Omelan Lita tidak kugubris. Aku terus menyeduh teh hijau kesukaanku. Lita kembali meneruskan omelannya…
“Jangan bilang kalau kau masih mengharapkan cinta yang mustahil dari si Leo.”
Lanjutan kata-kata Lita itu membuatku tersentak. Kutaruh kembali cangkir kecilku di meja. Ia masih saja menggempurku dengan ocehan bijaknya.
“Vin, sadar dong. Kau terpenjara dalam masa lalu. Bagaimana kau mau melangkah ke depan kalau satu kakimu masih terbenam dalam nostalgia pelik yang kini mustahil kau penuhi?”
Aku masih terdiam. Harus kuakui, sahabat karibku ini telah berjuang lebih dahsyat dari siapapun juga untuk meyakinkanku meninggalkan masa laluku yang miris itu.
“Aku tahu Lit, tapi aku tak bisa apa-apa. Aku tak pernah merasakan cinta dalam setiap kata-kata dan sentuhan lelaki manapun sejak Leo pergi.
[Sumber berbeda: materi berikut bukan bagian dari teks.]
(* Let $K$ be a non-Archimedean locally compact field of characteristic $p>0$ with group of 1-units $U=1+M_K$. Let $f:U\to U$ be a locally analytic group endomorphism with $f(1+x)=\sum_{n=0}^{\infty}a_nx^n$ for all $x\in M_K$, where $\sum a_nx^n\in 1+x\mathbb{F}_p[[x]]$. If $a_n=0$ for all but finitely many $n$, then $f(1+x)=(1+x)^N$ for some integer $N\ge0$.
   Context: $M_K$ is the maximal ideal of the ring of integers $R_K$ of $K$; with constant field $\mathbb{F}$ of order $q$ and uniformizer $\pi$, $K=\mathbb{F}((\pi))$, $U=1+\pi\mathbb{F}[[\pi]]$, and $|x|=q^{-v(x)}$. A continuous function $f$ on a ball $B_{\alpha,t}=\{u\in R_K:|u-\alpha|\le t\}$, $t=|\rho|$, is analytic there if $f(u)=\sum_{n\ge0}c_n\left(\frac{u-\alpha}{\rho}\right)^n$ with $c_n\in K$, $c_n\to0$; $f:U\to K$ is locally analytic if each $\alpha\in U$ has a ball $B_{\alpha,t_\alpha}\subset U$, $t_\alpha>0$, on which $f$ is analytic. *)

From HB Require Import structures.
From mathcomp Require Import all_boot all_order all_algebra.
Set Implicit Arguments. Unset Strict Implicit. Unset Printing Implicit Defensive.
Import Order.TTheory GRing.Theory Num.Theory.
Local Open Scope ring_scope.

Section LocalField.
Variables (K : fieldType) (v : K -> int).

(* "v(x) >= m", with the convention v(0) = +oo *)
Definition vge (x : K) (m : int) : bool := (x == 0) || (m <= v x).

Definition RK (x : K) : bool := vge x 0.
Definition MK (x : K) : bool := vge x 1.
Definition UK (u : K) : bool := MK (u - 1).

Definition cvgK (s : nat -> K) (l : K) : Prop :=
  forall m : int, exists N : nat, forall n, (N <= n)%N -> vge (s n - l) m.
Definition cauchyK (s : nat -> K) : Prop :=
  forall m : int, exists N : nat, forall n k, (N <= n)%N -> (N <= k)%N ->
    vge (s n - s k) m.

Definition seriesK (c : nat -> K) (l : K) : Prop :=
  cvgK (fun N => \sum_(n < N) c n) l.

(* K is a non-Archimedean locally compact field of characteristic p, i.e. a
   field complete for the discrete valuation v (normalized, with uniformizer
   pi) whose residue field R_K / M_K is finite, and of characteristic p. *)
Record is_local_field (p : nat) (pi : K) : Prop := {
  lf_vM : forall x y, x != 0 -> y != 0 -> v (x * y) = v x + v y;
  lf_vD : forall x y, x != 0 -> y != 0 -> x + y != 0 ->
            Num.min (v x) (v y) <= v (x + y);
  lf_pi0 : pi != 0;
  lf_vpi : v pi = 1;
  lf_char : p \in [pchar K];
  lf_residue_finite : exists s : seq K, all RK s /\
      forall x, RK x -> exists2 r, r \in s & MK (x - r);
  lf_complete : forall s, cauchyK s -> exists l, cvgK s l
}.

Definition ballK (alpha rho u : K) : bool := RK u && vge (u - alpha) (v rho).

Definition locally_analytic (f : K -> K) : Prop :=
  forall alpha, UK alpha ->
    exists rho : K, rho != 0 /\
      (forall u, ballK alpha rho u -> UK u) /\
      exists c : nat -> K, cvgK c 0 /\
        forall u, ballK alpha rho u ->
          seriesK (fun n => c n * ((u - alpha) / rho) ^+ n) (f u).

Definition U_endo (f : K -> K) : Prop :=
  (forall u, UK u -> UK (f u)) /\
  (forall u w, UK u -> UK w -> f (u * w) = f u * f w).

End LocalField.

(** A finite power series is a polynomial, so [f] agrees on [U] with
    [g(u) = sum_n a_n (u - 1)^n], and [g <> 0] because [g(1) = f(1)] lies in
    [U], which avoids [0].  Since [U] is infinite, the relation
    [g(w u) = g(w) g(u)] for [u] in [U] is the polynomial identity
    [g \Po (w X) = g(w) g]; comparing leading coefficients gives [g(w) = w^N]
    with [N = deg g]. *)

From mathcomp Require Import all_boot all_order all_algebra.
From mathcomp Require Import ring.
Import Order.TTheory GRing.Theory Num.Theory.
Local Open Scope ring_scope.
Set Implicit Arguments.

Section PolyMultiplicative.
Variables (R : idomainType) (P : pred R).
Hypothesis P_poly_determining :
  forall q : {poly R}, {in P, forall u, q.[u] = 0} -> q = 0.
Hypothesis P_neq0 : 0 \notin P.

Lemma multiplicative_poly_monomial (g : {poly R}) :
  g != 0 -> {in P &, forall u w, g.[u * w] = g.[u] * g.[w]} ->
  {in P, forall w, g.[w] = w ^+ (size g).-1}.
Proof.
move=> g_neq0 g_mul w Pw.
have w_neq0 : w != 0 by apply: contraNneq P_neq0 => <-.
have g_scaled : g \Po (w *: 'X) = g.[w] *: g.
  apply/eqP; rewrite -subr_eq0; apply/eqP/P_poly_determining => u Pu.
  by rewrite hornerD hornerN hornerZ horner_comp hornerZ hornerX g_mul ?subrr.
have := congr1 lead_coef g_scaled.
rewrite lead_coefZ lead_coef_comp ?size_scale ?size_polyX //.
rewrite lead_coefZ lead_coefX mulr1 mulrC => /(mulIf _) -> //.
by rewrite lead_coef_eq0.
Qed.

End PolyMultiplicative.

Lemma poly_eq0_of_inj_roots (R : idomainType) (q : {poly R}) (s : nat -> R) :
  injective s -> (forall k, root q (s k)) -> q = 0.
Proof.
move=> s_inj q_s; apply/eqP; apply: contraT => q_neq0.
have roots_q : all (root q) (mkseq s (size q)) by apply/allP => _ /mapP[k _ ->].
have uniq_s : uniq (mkseq s (size q)) by rewrite map_inj_uniq ?iota_uniq.
by have := max_poly_roots q_neq0 roots_q uniq_s; rewrite size_mkseq ltnn.
Qed.

Section Convergence.
Variables (K : fieldType) (v : K -> int).

Lemma vge_all_eq0 (x : K) : (forall m, vge v x m) -> x = 0.
Proof.
move=> x_small; apply/eqP; apply: contraT => x_neq0.
by have := x_small (v x + 1); rewrite /vge (negbTE x_neq0) /= gerDl.
Qed.

Lemma cvgK_eventually_const (s : nat -> K) (a l : K) (M : nat) :
  (forall n, (M <= n)%N -> s n = a) -> cvgK v s l -> l = a.
Proof.
move=> s_const s_l; apply/eqP; rewrite eq_sym -subr_eq0; apply/eqP.
apply: vge_all_eq0 => m; have [N s_lN] := s_l m.
by rewrite -(s_const (N + M)%N) ?leq_addl ?s_lN ?leq_addr.
Qed.

Lemma seriesK_finite_support (c : nat -> K) (l : K) (M : nat) :
  (forall n, (M <= n)%N -> c n = 0) -> seriesK v c l ->
  l = \sum_(n < M) c n.
Proof.
move=> c_vanish c_l; apply: (@cvgK_eventually_const _ _ _ M _ c_l) => n le_Mn.
rewrite -(subnKC le_Mn) big_split_ord /= [X in _ + X]big1 ?addr0 // => i _.
by rewrite c_vanish ?leq_addr.
Qed.

End Convergence.

Section OneUnits.
Variables (p : nat) (K : fieldType) (v : K -> int) (pi : K).
Hypothesis HK : is_local_field v p pi.

Lemma valuation1 : v 1 = 0.
Proof.
have := lf_vM HK (oner_neq0 K) (oner_neq0 K).
by rewrite mulr1 -{1}[v 1]addr0 => /addrI/esym.
Qed.

Lemma valuationN1 : v (-1) = 0.
Proof.
have N1_neq0 : (-1 : K) != 0 by rewrite oppr_eq0 oner_neq0.
have := lf_vM HK N1_neq0 N1_neq0; rewrite mulrNN mulr1 valuation1.
by move/esym/eqP; rewrite -mulr2n mulrn_eq0 => /eqP.
Qed.

Lemma valuation_piX n : v (pi ^+ n) = n%:Z.
Proof.
elim: n => [|n IHn]; first by rewrite expr0 valuation1.
by rewrite exprS (lf_vM HK) ?expf_neq0 ?(lf_pi0 HK) // IHn (lf_vpi HK)
  -addn1 PoszD addrC.
Qed.

Lemma vgeD x y m : vge v x m -> vge v y m -> vge v (x + y) m.
Proof.
rewrite /vge; have [->|x_neq0] := eqVneq x 0; first by rewrite add0r.
have [->|y_neq0] := eqVneq y 0; first by rewrite addr0 (negbTE x_neq0).
have [->|xy_neq0] := eqVneq (x + y) 0; first by [].
move=> /= vx vy; apply: le_trans (lf_vD HK x_neq0 y_neq0 xy_neq0).
by rewrite le_min vx vy.
Qed.

Lemma MKM x y : MK v x -> MK v y -> MK v (x * y).
Proof.
rewrite /MK /vge; have [->|x_neq0] := eqVneq x 0; first by rewrite mul0r eqxx.
have [->|y_neq0] := eqVneq y 0; first by rewrite mulr0 eqxx.
rewrite mulf_eq0 (negbTE x_neq0) (negbTE y_neq0) /= (lf_vM HK) // => vx vy.
by rewrite -[1]addr0 lerD // (le_trans _ vy).
Qed.

Lemma UKM u w : UK v u -> UK v w -> UK v (u * w).
Proof.
rewrite /UK => Uu Uw.
have -> : u * w - 1 = (u - 1) * (w - 1) + ((u - 1) + (w - 1)) by ring.
by apply: vgeD; [apply: MKM | apply: vgeD].
Qed.

Lemma UK1 : UK v 1.
Proof. by rewrite /UK /MK subrr /vge eqxx. Qed.

Lemma UK0 : ~~ UK v 0.
Proof. by rewrite /UK /MK /vge sub0r oppr_eq0 oner_eq0 valuationN1. Qed.

Lemma UK_1D x : MK v x -> UK v (1 + x).
Proof. by rewrite /UK addrAC subrr add0r. Qed.

Lemma poly_eq0_on_UK (q : {poly K}) : {in UK v, forall u, q.[u] = 0} -> q = 0.
Proof.
move=> q_U; apply: (@poly_eq0_of_inj_roots _ _ (fun k => 1 + pi ^+ k.+1)).
- move=> i j /addrI /(congr1 v) /eqP.
  by rewrite !valuation_piX eqz_nat eqSS => /eqP.
- move=> k; apply/rootP/q_U/UK_1D.
  by rewrite /MK /vge valuation_piX lez_nat orbT.
Qed.

End OneUnits.

Theorem lemma2p3 (p : nat) (K : fieldType) (v : K -> int) (pi : K)
  (HK : is_local_field v p pi)
  (f : K -> K) (Hend : U_endo v f) (Han : locally_analytic v f)
  (a : nat -> 'F_p) (Ha0 : a 0%N = 1%R)
  (Hser : forall x, MK v x ->
     seriesK v (fun n => ((a n : nat)%:R : K) * x ^+ n) (f (1 + x)))
  (Hfin : exists M : nat, forall n, (M <= n)%N -> a n = 0%R) :
  exists N : nat, forall x, MK v x -> f (1 + x) = (1 + x) ^+ N.
Proof.
have [M a_vanish] := Hfin; have [f_U f_mul] := Hend.
set g : {poly K} := \sum_(n < M) ((a n : nat)%:R : K) *: ('X - 1) ^+ n.
have f_g u : UK v u -> f u = g.[u].
  move=> Uu; have := Hser (u - 1) Uu; rewrite [1 + _]addrC subrK.
  move/(@seriesK_finite_support _ _ _ _ M) => -> => [|n /a_vanish ->];
    last by rewrite mul0r.
  rewrite horner_sum; apply: eq_bigr => n _.
  by rewrite hornerZ horner_exp hornerD hornerN hornerX hornerC.
have g_neq0 : g != 0.
  apply: contraNneq (UK0 HK) => g0.
  by rewrite -(horner0 (1 : K)) -g0 -f_g ?f_U ?UK1.
have g_mul : {in UK v &, forall u w, g.[u * w] = g.[u] * g.[w]}.
  by move=> u w Uu Uw; rewrite -!f_g ?f_mul ?(UKM HK).
exists (size g).-1 => x Mx; rewrite f_g ?UK_1D //.
apply: (multiplicative_poly_monomial (poly_eq0_on_UK HK) (UK0 HK) _ g_neq0);
  [exact: g_mul | exact: UK_1D].
Qed.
Lit, hatiku telah ditakdirkan untuk jatuh cinta hanya sekali. Aku tak ingin mengecewakan siapapun dengan menjalani relasi bohong yang tak didasari ketulusan cinta.”
“Tapi Vin, setiap hati juga diciptakan untuk tetap terbuka pada kebaruan. Para peristiwa-peristiwa baru, relasi-relasi baru dan pada pribadi-pribadi yang baru. Apa salahnya kalau kau mencoba dulu. Siapa tahu suatu saat nanti kau temukan cintamu yang sebenarnya di masa depan sana. Ingat, setiap cinta pada seseorang selalu bermula dari relasi dengan orang yang awalnya disebut orang asing, bahkan pada orang yang awalnya tidak kau sukai sama sekali.”
Untuk kesekian kalinya aku menarik nafas panjang. Kucicipi kembali teh yang telah kuseduh itu dengan nikmat, sekedar menenangkan pikiranku.
“Vin, terimalah cinta Rudi!”
“Meski aku tak mencintainya?”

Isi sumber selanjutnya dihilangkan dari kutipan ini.